The 'f1-weighted avg' score is 0.98 which implies that our model is able to classify 98% of the data correctly.

## Cross Validating the model

In [None]:
k = KFold(n_splits=5,shuffle=True,random_state=48)#splitting into five folds
scores = cross_val_score(kn3,X_train,y_train,cv=k,scoring='f1_weighted')

In [None]:
scores

In [None]:
print('Bias error:', 1 -  np.mean(scores))
print('Variance error:',np.std(scores)/np.mean(scores))

very low bias and variance error,therefore there is no overfitting or underfitting in the model

## GridSearchCV

Let's find the best value of n_neighbors using GRIDSEARCHCV

In [None]:
params={'n_neighbors':range(2,8)}#assigning n_neighbors from 2 to 7

In [None]:
knn=KNeighborsClassifier()#initializing function
grd=GridSearchCV(knn,param_grid=params,cv=5,scoring='f1_weighted')

In [None]:
#fiiting the grid model to training set
grid_model=grd.fit(X_train,y_train)

In [None]:
#finding best score and n_neigbors
print('Best n_neighbors:',grid_model.best_params_)
print('Best Score:',grid_model.best_score_)

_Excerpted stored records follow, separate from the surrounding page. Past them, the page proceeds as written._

(* Assume the setting described in the context. Consider Algorithm 2 with a deterministic rule for choosing $f$ in each inner iteration, and let $s\ge1$. Then: (a) for every $\tau\in\mathrm{BadPar}(s)$ the longest chain of $\tau$ has length exactly $s$; (b) the set $\mathrm{BadPar}(s)$ is valid.
   Context: Setting: $\Omega$ is a finite set and $F$ a finite set of flaws, each a nonempty subset of $\Omega$; $F_\sigma=\{f:\sigma\in f\}$. For $\sigma\in\Omega$ and $f\in F_\sigma$ there is a probability distribution $\rho(\cdot\mid f,\sigma)$ with support $A(f,\sigma)$. A walk is $\sigma_1\xrightarrow{w_1}\sigma_2\cdots\xrightarrow{w_t}\sigma_{t+1}$ with $w_i\in F_{\sigma_i}$ and $\sigma_{i+1}\in A(w_i,\sigma_i)$, with word $w_1\ldots w_t$. $\sim$ is a symmetric relation on $F$ (loops allowed), with $\Gamma(f)=\{g:f\sim g\}$, $\Gamma^+(f)=\Gamma(f)\cup\{f\}$ and $\Gamma^+(S)=\bigcup_{f\in S}\Gamma^+(f)$. It is assumed that for every step $\sigma\xrightarrow{f}\sigma'$, $F_{\sigma'}\subseteq(F_\sigma\setminus\{f\})\cup\Gamma(f)$. Write $f\cong g$ if $f\sim g$ or $f=g$. Algorithm 2 (with initial distribution $\omega^{\mathrm{init}}$). Sample $\sigma$ from $\omega^{\mathrm{init}}$. While $F_\sigma\neq\varnothing$, perform a round: $I:=\varnothing$; while $F_\sigma\setminus\Gamma^+(I)\ne\varnothing$, pick $f\in F_\sigma\setminus\Gamma^+(I)$ by the deterministic rule, sample $\sigma'$ from $\rho(\cdot\mid f,\sigma)$, set $\sigma\leftarrow\sigma'$ and $I\leftarrow I\cup\{f\}$. $\mathrm{BadPar}(s)$: for each execution (with positive probability) having at least $s$ rounds, take the walk consisting of all steps of the first $s-1$ rounds followed by the first step of round $s$. $\mathrm{BadPar}(s)$ is the set of all such walks. A chain of a walk with word $w_1\ldots w_t$ is a subsequence $u_1\ldots u_m$ of $w_1\ldots w_t$ with $u_i\cong u_{i+1}$ for $i\in[m-1]$; its length is $m$. A deterministic strategy assigns to each walk whose last state $\sigma$ is flawed a flaw in $F_\sigma$; a walk follows it if each $w_i$ is the flaw assigned to the prefix ending at $\sigma_i$. A set of walks is valid if all its walks follow one common deterministic strategy and no walk in it is a proper prefix (a different initial segment) of another walk in it. *)

From mathcomp Require Import all_boot all_order all_algebra.
Set Implicit Arguments. Unset Strict Implicit. Unset Printing Implicit Defensive.
Import Order.TTheory GRing.Theory Num.Theory.
Local Open Scope ring_scope.

(* A walk sigma_1 -w_1-> sigma_2 ... -w_t-> sigma_{t+1} is represented by its
   initial state sigma_1 and the sequence of steps [:: (w_1, sigma_2); ...]. *)
Definition walkT (Omega : finType) := (Omega * seq ({set Omega} * Omega))%type.

Section Defs.
Variable Omega : finType.
Variable F : {set {set Omega}}.
Variable sim : rel {set Omega}.

Definition Fs (sigma : Omega) : {set {set Omega}} := [set f in F | sigma \in f].
Definition Gam (f : {set Omega}) : {set {set Omega}} := [set g in F | sim f g].
Definition Gamp (f : {set Omega}) : {set {set Omega}} := f |: Gam f.
Definition GampS (S : {set {set Omega}}) : {set {set Omega}} :=
  \bigcup_(f in S) Gamp f.
Definition cong (f g : {set Omega}) : bool := sim f g || (f == g).

Definition lastst (s1 : Omega) (h : seq ({set Omega} * Omega)) : Omega :=
  last s1 [seq p.2 | p <- h].
Definition word (h : seq ({set Omega} * Omega)) : seq {set Omega} :=
  [seq p.1 | p <- h].

Definition is_chain_of (h : seq ({set Omega} * Omega)) (u : seq {set Omega}) :=
  subseq u (word h) /\ sorted cong u.
Definition longest_chain_len (h : seq ({set Omega} * Omega)) (n : nat) :=
  (exists u, is_chain_of h u /\ size u = n) /\
  (forall u, is_chain_of h u -> (size u <= n)%N).

Variable R : realFieldType.
Variable rho : {set Omega} -> Omega -> Omega -> R.  (* rho(sigma' | f, sigma) *)

Definition supp (f : {set Omega}) (sigma : Omega) : {set Omega} :=
  [set s' | 0 < rho f sigma s'].

Fixpoint walk_from (s : Omega) (h : seq ({set Omega} * Omega)) : bool :=
  match h with
  | [::] => true
  | (f, s') :: h' => [&& f \in Fs s, s' \in supp f s & walk_from s' h']
  end.

Definition is_strategy (strat : Omega -> seq ({set Omega} * Omega) -> {set Omega}) :=
  forall s1 h, walk_from s1 h -> Fs (lastst s1 h) != set0 ->
    strat s1 h \in Fs (lastst s1 h).
Definition follows (strat : Omega -> seq ({set Omega} * Omega) -> {set Omega})
    (s1 : Omega) (h : seq ({set Omega} * Omega)) :=
  forall i, (i < size h)%N -> (nth (set0, s1) h i).1 = strat s1 (take i h).
Definition valid (W : walkT Omega -> Prop) :=
  exists strat, is_strategy strat /\
    (forall tau, W tau -> walk_from tau.1 tau.2 /\ follows strat tau.1 tau.2) /\
    (forall tau1 tau2, W tau1 -> W tau2 -> tau1.1 = tau2.1 ->
        prefix tau1.2 tau2.2 -> tau1.2 = tau2.2).

(* Algorithm 2.  [rule s1 h I] is the deterministic choice of f made when the
   execution so far is the walk (s1, h) and the current set is I. *)
Variable omega : Omega -> R.
Variable rule : Omega -> seq ({set Omega} * Omega) -> {set {set Omega}} -> {set Omega}.

(* reach s1 h k I b : there is a positive-probability execution prefix whose
   steps form the walk (s1, h), during which k rounds have been started, whose
   current set is I, and b = true iff the last step is the first step of round k. *)
Inductive reach : Omega -> seq ({set Omega} * Omega) -> nat -> {set {set Omega}} -> bool -> Prop :=
| reach_init s1 : 0 < omega s1 -> reach s1 [::] 0 set0 false
| reach_new s1 h k I b f s' :
    reach s1 h k I b ->
    (k == 0)%N || (Fs (lastst s1 h) :\: GampS I == set0) ->
    Fs (lastst s1 h) != set0 ->
    f = rule s1 h set0 ->
    0 < rho f (lastst s1 h) s' ->
    reach s1 (rcons h (f, s')) k.+1 [set f] true
| reach_inner s1 h k I b f s' :
    reach s1 h k I b ->
    (0 < k)%N ->
    Fs (lastst s1 h) :\: GampS I != set0 ->
    f = rule s1 h I ->
    0 < rho f (lastst s1 h) s' ->
    reach s1 (rcons h (f, s')) k (f |: I) false.

(* BadPar(s): steps of the first s-1 rounds followed by the first step of round s *)
Definition BadPar (s : nat) (tau : walkT Omega) : Prop :=
  exists I, reach tau.1 tau.2 s I true.

End Defs.

From mathcomp Require Import all_boot all_order all_algebra.
Local Open Scope ring_scope.
Set Implicit Arguments. Unset Strict Implicit.

(* During round k the algorithm maintains two invariants on the word w of the
   walk so far and the set I of flaws addressed in the current round:
   every chain of w has length at most k, with the chains of length k ending in
   I; and every flaw of I ends a chain of length k, while every flaw of the
   current state outside Gamma^+(I) extends a chain of length k - 1.  A flaw
   addressed in round k is never related to a flaw addressed earlier in the same
   round, so it cannot lengthen a chain of length k; when round k+1 starts, every
   present flaw lies in Gamma^+(I) and so extends a chain of length k, and the
   step hypothesis F_sigma' <= (F_sigma \ f) u Gamma(f) keeps the flaws created
   by a step within reach of such a chain.  The first step of round s thus
   closes a longest chain of length s.  Validity holds because a walk of
   BadPar(s) determines its rounds, and extending it would reach round s + 1. *)

Lemma subseq_rconsE (T : eqType) (u w : seq T) y x :
  subseq (rcons u y) (rcons w x) = subseq (rcons u y) w || (y == x) && subseq u w.
Proof.
rewrite -subseq_rev !rev_rcons /=.
case: eqP => [->|_]; rewrite -?rev_rcons subseq_rev ?orbF //.
case: (boolP (subseq u w)) => [|uNw]; rewrite ?orbT ?orbF //.
exact/esym/negbTE/(contra (subseq_trans (subseq_rcons u x)) uNw).
Qed.

Lemma sorted_rcons_rcons (T : Type) (r : rel T) u y x :
  sorted r (rcons (rcons u y) x) = sorted r (rcons u y) && r y x.
Proof. by case: u => [|a u] /=; rewrite ?andbT // rcons_path last_rcons. Qed.

Section Algorithm2.
Variables (Omega : finType) (F : {set {set Omega}}) (sim : rel {set Omega}).

Notation Fs := (Fs F).
Notation Gam := (Gam F sim).
Notation Gamp := (Gamp F sim).
Notation GampS := (GampS F sim).
Notation cong := (cong sim).

Lemma mem_Gamp_cong g e : e \in Gamp g -> cong g e.
Proof. by rewrite in_setU1 inE /cong => /orP[/eqP->|/andP[_ ->]]; rewrite ?eqxx ?orbT. Qed.

Lemma cong_mem_GampS g e (I : {set {set Omega}}) :
  g \in I -> e \in F -> cong g e -> e \in GampS I.
Proof.
move=> gI eF ge; apply/bigcupP; exists g => //.
by move: ge; rewrite /cong in_setU1 inE eF orbC eq_sym => /orP[->|->]; rewrite ?orbT.
Qed.

Lemma GampS_set0 : GampS set0 = set0.
Proof. exact: big_set0. Qed.

Lemma GampS_set1 f : GampS [set f] = Gamp f.
Proof. exact: big_set1. Qed.

Lemma GampS_setU1 f (I : {set {set Omega}}) : GampS (f |: I) = Gamp f :|: GampS I.
Proof. by rewrite /GampS bigcup_setU big_set1. Qed.

Definition new_round (sigma : Omega) (k : nat) (I : {set {set Omega}}) : bool :=
  (k == 0)%N || (Fs sigma :\: GampS I == set0).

The best parameter for 'n_neighbors' is calculated as 2 with 0.97 as 'f1-weighted' score which is more or less equal to our kn3_model.Hence I'll stick with n_neighbors=3.

## Conclusion

The KNN model developed has 98% accuracy in classifying a star.One can also try with Random Forest or Xgboost to get better accuracy for the model.